**Try it**
Using the listing below, copy exactly the lines from the one containing "FImp : Fm -> Fm -> Fm" to the one containing "t phi) (FJust (TPlus s t) phi))", both lines included, and no others.

** Supplied data follows **

(* Let $\mathsf{CS}$ be a constant specification for $\mathsf{LPC}^+$. For every set of formulas $T$ and formula $\phi$: if $T\models_{\mathsf{LPC}^+_{\mathsf{CS}}}\phi$, then $T\vdash_{\mathsf{LPC}^+_{\mathsf{CS}}}\phi$.
   Context: Language: countable sets $\mathsf{Const}$, $\mathsf{Var}$, $\mathsf{Prop}$; terms $t ::= c \mid x \mid t\cdot t \mid t+t \mid\ !t$; formulas $\phi ::= p \mid \neg\phi \mid \phi\wedge\phi \mid \phi\supset\phi \mid \phi>\phi \mid t{:}\phi$; $\mathsf{Tm},\mathsf{Fm}$ the sets of terms and formulas. Axiom schemes of $\mathsf{LPC}^+$: (A1) all instances of classical tautologies; (A2) $(\phi>(\psi\supset\chi))\supset((\phi>\psi)\supset(\phi>\chi))$; (A3) $\phi>\phi$; (A4) $(\phi>\psi)\supset(\phi\supset\psi)$; (A5) $(s{:}(\phi>\psi)\wedge t{:}\phi) > (s\cdot t){:}\psi$; (A6) $s{:}\phi > (s+t){:}\phi$; (A7) $t{:}\phi>(s+t){:}\phi$; (A8) $t{:}\phi>\phi$; (A9) $t{:}\phi > (!t){:}t{:}\phi$. A constant specification $\mathsf{CS}$ is a set of $c{:}\phi$ with $c\in\mathsf{Const}$, $\phi$ an instance of (A1)–(A9). $\mathsf{LPC}^+_{\mathsf{CS}}$: axioms (A1)–(A9) and $\mathsf{CS}$; rules (MP) from $\phi,\phi\supset\psi$ infer $\psi$, and (RCN) from $\psi$ infer $\phi>\psi$. For a set $T$: $T\vdash\phi$ iff $\vdash(\psi_1\wedge\cdots\wedge\psi_n)\supset\phi$ for some $\psi_1,\dots,\psi_n\in T$, $n\ge0$. Relational models $\mathcal M=(W,W_N,R_{Fm},R_{Tm},V)$: $W$ nonempty, $W_N\subseteq W$ nonempty (normal states); $R_\phi\subseteq W_N\times W_N$ for each formula $\phi$; $R_t\subseteq W\times W$ for each term $t$; $V(w)\subseteq\mathsf{Prop}$ for $w\in W_N$, $V(w)\subseteq\mathsf{Fm}$ for $w\in W\setminus W_N$. Truth: at non-normal $w$, $w\models\phi$ iff $\phi\in V(w)$; at normal $w$: $p$ iff $p\in V(w)$, $\neg,\wedge,\supset$ classical, $\phi>\psi$ iff $R_\phi(w)\subseteq[\psi]$, $t{:}\phi$ iff $R_t(w)\subseteq[\phi]$, with $[\phi]=\{w\in W: w\models\phi\}$. An $\mathsf{LPC}^+_{\mathsf{CS}}$-model is a relational model such that for all $w\in W_N$: (1) $R_\phi(w)\subseteq[\phi]$ for all $\phi$; (2) if $w\in[\phi]$ then $w\in R_\phi(w)$; (3) $R_c(w)\subseteq[\phi]$ for each $c{:}\phi\in\mathsf{CS}$; (4) $R_{s+t}(w)\subseteq R_s(w)\cap R_t(w)$; (5) for all $v\in R_{s\cdot t}(w)$ and all $\phi,\psi$: if $w\in[s{:}(\phi>\psi)\wedge t{:}\phi]$ then $v\in[\psi]$; (6) $wR_tw$ for all $t$; (7) for all $t$ and $v,u\in W$, if $wR_{!t}v$ and $vR_tu$ then $wR_tu$. $T\models_{\mathsf{LPC}^+_{\mathsf{CS}}}\phi$ iff for every $\mathsf{LPC}^+_{\mathsf{CS}}$-model and every $w\in W_N$, if every member of $T$ is true at $w$ then $\phi$ is true at $w$. *)

From Stdlib Require Import List.
Import ListNotations.

(* Const, Var, Prop are countable sets: represented by nat. *)
Definition Const := nat.
Definition Var := nat.
Definition PropVar := nat.

Inductive Tm : Type :=
| TConst : Const -> Tm
| TVar : Var -> Tm
| TApp : Tm -> Tm -> Tm
| TPlus : Tm -> Tm -> Tm
| TBang : Tm -> Tm.

Inductive Fm : Type :=
| FAtom : PropVar -> Fm
| FNeg : Fm -> Fm
| FAnd : Fm -> Fm -> Fm
| FImp : Fm -> Fm -> Fm
| FCond : Fm -> Fm -> Fm
| FJust : Tm -> Fm -> Fm.

Inductive PFm : Type :=
| PVar : nat -> PFm
| PNeg : PFm -> PFm
| PAnd : PFm -> PFm -> PFm
| PImp : PFm -> PFm -> PFm.

Fixpoint peval (v : nat -> bool) (A : PFm) : bool :=
  match A with
  | PVar n => v n
  | PNeg A => negb (peval v A)
  | PAnd A B => andb (peval v A) (peval v B)
  | PImp A B => orb (negb (peval v A)) (peval v B)
  end.

Definition tautology (A : PFm) : Prop := forall v, peval v A = true.

Fixpoint psubst (s : nat -> Fm) (A : PFm) : Fm :=
  match A with
  | PVar n => s n
  | PNeg A => FNeg (psubst s A)
  | PAnd A B => FAnd (psubst s A) (psubst s B)
  | PImp A B => FImp (psubst s A) (psubst s B)
  end.

Definition taut_instance (phi : Fm) : Prop :=
  exists A s, tautology A /\ phi = psubst s A.

Inductive IsAxiom : Fm -> Prop :=
| A1 : forall phi, taut_instance phi -> IsAxiom phi
| A2 : forall phi psi chi,
    IsAxiom (FImp (FCond phi (FImp psi chi))
                (FImp (FCond phi psi) (FCond phi chi)))
| A3 : forall phi, IsAxiom (FCond phi phi)
| A4 : forall phi psi, IsAxiom (FImp (FCond phi psi) (FImp phi psi))
| A5 : forall s t phi psi,
    IsAxiom (FCond (FAnd (FJust s (FCond phi psi)) (FJust t phi))
                 (FJust (TApp s t) psi))
| A6 : forall s t phi, IsAxiom (FCond (FJust s phi) (FJust (TPlus s t) phi))
| A7 : forall s t phi, IsAxiom (FCond (FJust t phi) (FJust (TPlus s t) phi))
| A8 : forall t phi, IsAxiom (FCond (FJust t phi) phi)
| A9 : forall t phi, IsAxiom (FCond (FJust t phi) (FJust (TBang t) (FJust t phi))).

Definition ConstSpec (CS : Fm -> Prop) : Prop :=
  forall chi, CS chi -> exists c phi, chi = FJust (TConst c) phi /\ IsAxiom phi.

Inductive Prov (CS : Fm -> Prop) : Fm -> Prop :=
| P_ax : forall phi, IsAxiom phi -> Prov CS phi
| P_cs : forall phi, CS phi -> Prov CS phi
| P_mp : forall phi psi, Prov CS phi -> Prov CS (FImp phi psi) -> Prov CS psi
| P_rcn : forall phi psi, Prov CS psi -> Prov CS (FCond phi psi).

(* T |- phi : |- (psi_1 /\ ... /\ psi_n) -> phi for some psi_i in T, n >= 0;
   for n = 0 this means |- phi. *)
Definition bigconj (psi0 : Fm) (l : list Fm) : Fm := fold_left FAnd l psi0.

Definition derives (CS : Fm -> Prop) (T : Fm -> Prop) (phi : Fm) : Prop :=
  Prov CS phi \/
  exists psi0 l, T psi0 /\ (forall psi, In psi l -> T psi) /\
                 Prov CS (FImp (bigconj psi0 l) phi).

Record RModel : Type := {
  W : Type;
  WN : W -> Prop;
  Rf : Fm -> W -> W -> Prop;
  Rt : Tm -> W -> W -> Prop;
  Vp : W -> PropVar -> Prop;         (* V(w) subset Prop, for normal w *)
  Vf : W -> Fm -> Prop               (* V(w) subset Fm, for non-normal w *)
}.
Lemma ideal_row_of_shift t s w : L (t, s) -> s (ord_pred w) != 0 ->
  exists t' (j : 'I_(m w)), L (t', szero) /\ row j (t' w) != 0.
Proof.
move=> Lts s_neq0; have [k k_lt e_neq0] := shift_exp_neq0 s_neq0.
have k_lt' : (k < m w)%N := leq_trans k_lt (r_pred_le_m w).
have e_bounds : (0 < shift_exp (s (ord_pred w)) k < p (ord_pred w))%N.
  rewrite lt0n; apply/andP; split; first by apply: contra e_neq0 => /eqP e0; apply/eqP/val_inj.
  by move: (ltn_ord (shift_exp (s (ord_pred w)) k)) (Fp_cast (p_prime (ord_pred w))); lia.
have [_ [_ /(_ _ e_bounds) [v moved]]] := f_order w.
exists (fun z => tsingle (row_single (Ordinal k_lt') v) z
              - fsh z (s (ord_pred z)) (tsingle (row_single (Ordinal k_lt') v) z)).
exists (Ordinal k_lt'); split; first exact: ideal_sub_fshift _ Lts.
rewrite dfwith_in linearB /= row_fshift !row_row_single eqxx subr_eq0.
by apply/eqP => e; apply: moved; rewrite -e.
Qed.

Lemma ideal_row_dual t s z (j : 'I_(m z)) : L (t, s) -> row j (t z) != 0 ->
  exists2 sg : Sz z, L (tzero, ssingle sg) &
    forall k : nat, ((r z).-1 <= k)%N || (k != j) -> shift_exp sg k = 1.
Proof.
move=> Lts row_neq0; have [w bw] := form_dual_nonzero row_neq0.
exists (bp z (row_single j w) (t z)); first exact: ideal_bprime_single _ Lts.
have last1 : rcoef (bp z (row_single j w) (t z)) (r z).-1 = 1.
  by rewrite rcoef_bprime_last sum_row_single.
move=> k; rewrite /shift_exp last1; case: ltnP => //= k_lt k_neq.
by rewrite rcoef_bprime // mrow_row_single // b0l add0r.
Qed.

Hypothesis subid_bij : forall z, bijective (fun u => f z u - u).

(* With g the inverse of f - id, x := g(-M) rowwise satisfies x - alpha_sg(x) = M. *)
Lemma ideal_tsingle_of_exp1 z w (sg : Sz z) (M : Tz w) : ord_pred w = z ->
  L (tzero, ssingle sg) -> (forall k : 'I_(m w), row k M != 0 -> shift_exp sg k = 1) ->
  L (tsingle M, szero).
Proof.
move=> wz; subst z => Lsg M_exp; have [g gK Kg] := subid_bij w.
have g0 : g 0 = 0 by have := gK 0; rewrite (addf0 (f_add w)) subr0.
pose X : Tz w := \matrix_k g (- row k M).
apply: ideal_ext (ideal_sub_fshift (tsingle X) Lsg) _ _ => //= z.
case: dfwithP => [|z' w_neq]; last by rewrite [RHS]dfwith_out // fshift0 subr0.
rewrite !dfwith_in; apply/row_matrixP => k; rewrite linearB /= row_fshift rowK.
have [->|row_neq0] := eqVneq (row k M) 0.
  by rewrite oppr0 g0 (addf0 (iter_morph_add (f_add w) _)) subr0.
by rewrite M_exp // -opprB [LHS]/= Kg opprK.
Qed.

Lemma ideal_full_succ w (k0 : 'I_(m w)) : ((r w).-1 <= k0)%N ->
  (forall v, L (tsingle (row_single k0 v), szero)) ->
  forall M : Tz (ordS w), L (tsingle M, szero).
Proof.
move=> k0_ge Lrow M; have [v v_neq0] := vector_nonzero w.
have [w' bw'] := form_dual_nonzero v_neq0.
pose sg := bp w (row_single k0 w') (row_single k0 v).
apply: (@ideal_tsingle_of_exp1 w _ sg _ (ordSK w)) => [|k _].
  by have := ideal_bprime_single (row_single k0 w') (Lrow v); rewrite dfwith_in.
have last1 : rcoef sg (r w).-1 = 1.
  by rewrite rcoef_bprime_last sum_row_single row_row_single eqxx.
rewrite /shift_exp last1; case: ifP => // k_lt.
rewrite rcoef_bprime // mrow_row_single ?b0l ?add0r //.
by apply: contraTneq k_lt => ->; rewrite -leqNgt.
Qed.

Lemma ideal_full_all z0 : (forall M : Tz z0, L (tsingle M, szero)) ->
  forall w (M : Tz w), L (tsingle M, szero).
Proof.
move=> Lz0; apply: (@ordS_ind n (fun w => forall M : Tz w, L (tsingle M, szero)) z0 Lz0).
by move=> w Lw; apply: (@ideal_full_succ w (Ordinal (r_last_lt_m w))) => //= v.
Qed.

Lemma ideal_total : (forall w (M : Tz w), L (tsingle M, szero)) -> forall x, L x.
Proof.
move=> Lt [t s].
have Ls w (sg : Sz w) : L (tzero, ssingle sg).
  have [X [Y <-]] := bprime_surjective sg.
  by have := ideal_bprime_single X (Lt w Y); rewrite dfwith_in.
have Lz z : L (tsingle (t z), ssingle (s z)).
  apply: ideal_ext (idealD (Lt z (t z)) (Ls z (s z))) _ _ => z' /=; first by rewrite addr0.
  by rewrite add0r bprime0r addr0.
pose restr (A : seq 'I_n) : B :=
  (fun z => if z \in A then t z else 0, fun z => if z \in A then s z else 0).
suff Lrestr A : uniq A -> L (restr A).
  by apply: ideal_ext (Lrestr _ (enum_uniq 'I_n)) _ _ => z; rewrite /= mem_enum.
elim: A => [_|a A IH /= /andP [a_notin A_uniq]]; first exact: ideal_ext ideal0 _ _.
apply: ideal_ext (idealD (IH A_uniq) (Lz a)) _ _ => z /=; rewrite in_cons;
  have [->|z_neq] := eqVneq z a; rewrite /= ?(negbTE a_notin) ?dfwith_in ?dfwith_out 1?eq_sym //.
- exact: add0r.
- exact: addr0.
- by rewrite bprime0l addr0 add0r.
- by rewrite bprime0r !addr0.
Qed.

End Ideal.

Lemma asym_const1_neq0 (z0 : 'I_n) : (tzero, fun z => const_mx 1 : Sz z) <> zero :> B.
Proof.
move=> /(congr1 (fun x : B => x.2 z0 0 (Ordinal (r_gt0 z0)))).
by rewrite /= !mxE => /eqP; rewrite oner_eq0.
Qed.

Lemma ideal_nonzero_row L : brace_ideal add zero mul zero L -> forall x, L x -> x <> zero ->
  exists z (j : 'I_(m z)) t s, L (t, s) /\ row j (t z) != 0.
Proof.
move=> L_ideal [t s] Lx x_neq0.
have [/existsP [z /existsP [j row_neq0]]|/existsPn t0] :=
  boolP [exists z, [exists j : 'I_(m z), row j (t z) != 0]].
  by exists z, j, t, s.
have [/existsP [z s_neq0]|/existsPn s0] := boolP [exists z, s z != 0].
  have s_neq0' : s (ord_pred (ordS z)) != 0 by rewrite ordSK.
  have [t' [j [Lt' row_neq0]]] := ideal_row_of_shift L_ideal Lx s_neq0'.
  by exists (ordS z), j, t', szero.
case: x_neq0; apply: asym_ext => z /=; last by apply/eqP; have := s0 z; rewrite negbK.
apply/row_matrixP => j; rewrite linear0; apply/eqP.
by have /existsPn/(_ j) := t0 z; rewrite negbK.
Qed.

Lemma exists_free_row w (j : nat) : exists k0 : 'I_(m w),
  ((r w).-1 <= k0)%N && (((r (ord_pred w)).-1 <= k0)%N || (k0 != j :> nat)).
Proof.
have [/andP [/eqP rj j_lt]|not_rj] := boolP (((r w).-1 == j) && (j < (r (ord_pred w)).-1)%N).
  have r_lt : (r w < m w)%N by move: (r_gt0 w) (r_pred_le_m w) rj j_lt; lia.
  by exists (Ordinal r_lt); move: (r_gt0 w) rj; rewrite /=; lia.
by exists (Ordinal (r_last_lt_m w)); move: not_rj; rewrite /=; lia.
Qed.

Lemma simple_of_subid_bij (z0 : 'I_n) :
  (forall z, bijective (fun u => f z u - u)) -> simple_brace add zero mul zero.
Proof.
move=> subid_bij; split; first by exists (tzero, fun z => const_mx 1); exact: asym_const1_neq0 z0.
move=> L L_ideal; have [[x [Lx x_neq0]]|L0] := classic (exists x, L x /\ x <> zero); last first.
  left=> x; split=> [Lx|->]; last exact: ideal0 L_ideal.
  by apply: NNPP => x_neq0; apply: L0; exists x.
right; have [z [j [t [s [Lts row_neq0]]]]] := ideal_nonzero_row L_ideal Lx x_neq0.
have [sg Lsg sg_exp] := ideal_row_dual L_ideal Lts row_neq0.
have [k0 /andP [k0_ge k0_free]] := exists_free_row (ordS z) j.
rewrite ordSK in k0_free.
have Lrow v : L (tsingle (row_single k0 v), szero).
  apply: (ideal_tsingle_of_exp1 L_ideal subid_bij (ordSK z) Lsg) => k.
  rewrite row_row_single; have [-> _|_] := eqVneq k k0; last by rewrite eqxx.
  exact: sg_exp k0_free.
apply: (ideal_total L_ideal); apply: (ideal_full_all L_ideal subid_bij (z0 := ordS (ordS z))).
exact: (ideal_full_succ L_ideal subid_bij k0_ge Lrow).
Qed.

** End of Supplied data **

**Solution to the exercise**
| FImp : Fm -> Fm -> Fm
| FCond : Fm -> Fm -> Fm
| FJust : Tm -> Fm -> Fm.

Inductive PFm : Type :=
| PVar : nat -> PFm
| PNeg : PFm -> PFm
| PAnd : PFm -> PFm -> PFm
| PImp : PFm -> PFm -> PFm.

Fixpoint peval (v : nat -> bool) (A : PFm) : bool :=
  match A with
  | PVar n => v n
  | PNeg A => negb (peval v A)
  | PAnd A B => andb (peval v A) (peval v B)
  | PImp A B => orb (negb (peval v A)) (peval v B)
  end.

Definition tautology (A : PFm) : Prop := forall v, peval v A = true.

Fixpoint psubst (s : nat -> Fm) (A : PFm) : Fm :=
  match A with
  | PVar n => s n
  | PNeg A => FNeg (psubst s A)
  | PAnd A B => FAnd (psubst s A) (psubst s B)
  | PImp A B => FImp (psubst s A) (psubst s B)
  end.

Definition taut_instance (phi : Fm) : Prop :=
  exists A s, tautology A /\ phi = psubst s A.

Inductive IsAxiom : Fm -> Prop :=
| A1 : forall phi, taut_instance phi -> IsAxiom phi
| A2 : forall phi psi chi,
    IsAxiom (FImp (FCond phi (FImp psi chi))
                (FImp (FCond phi psi) (FCond phi chi)))
| A3 : forall phi, IsAxiom (FCond phi phi)
| A4 : forall phi psi, IsAxiom (FImp (FCond phi psi) (FImp phi psi))
| A5 : forall s t phi psi,
    IsAxiom (FCond (FAnd (FJust s (FCond phi psi)) (FJust t phi))
                 (FJust (TApp s t) psi))
| A6 : forall s t phi, IsAxiom (FCond (FJust s phi) (FJust (TPlus s t) phi))
| A7 : forall s t phi, IsAxiom (FCond (FJust t phi) (FJust (TPlus s t) phi))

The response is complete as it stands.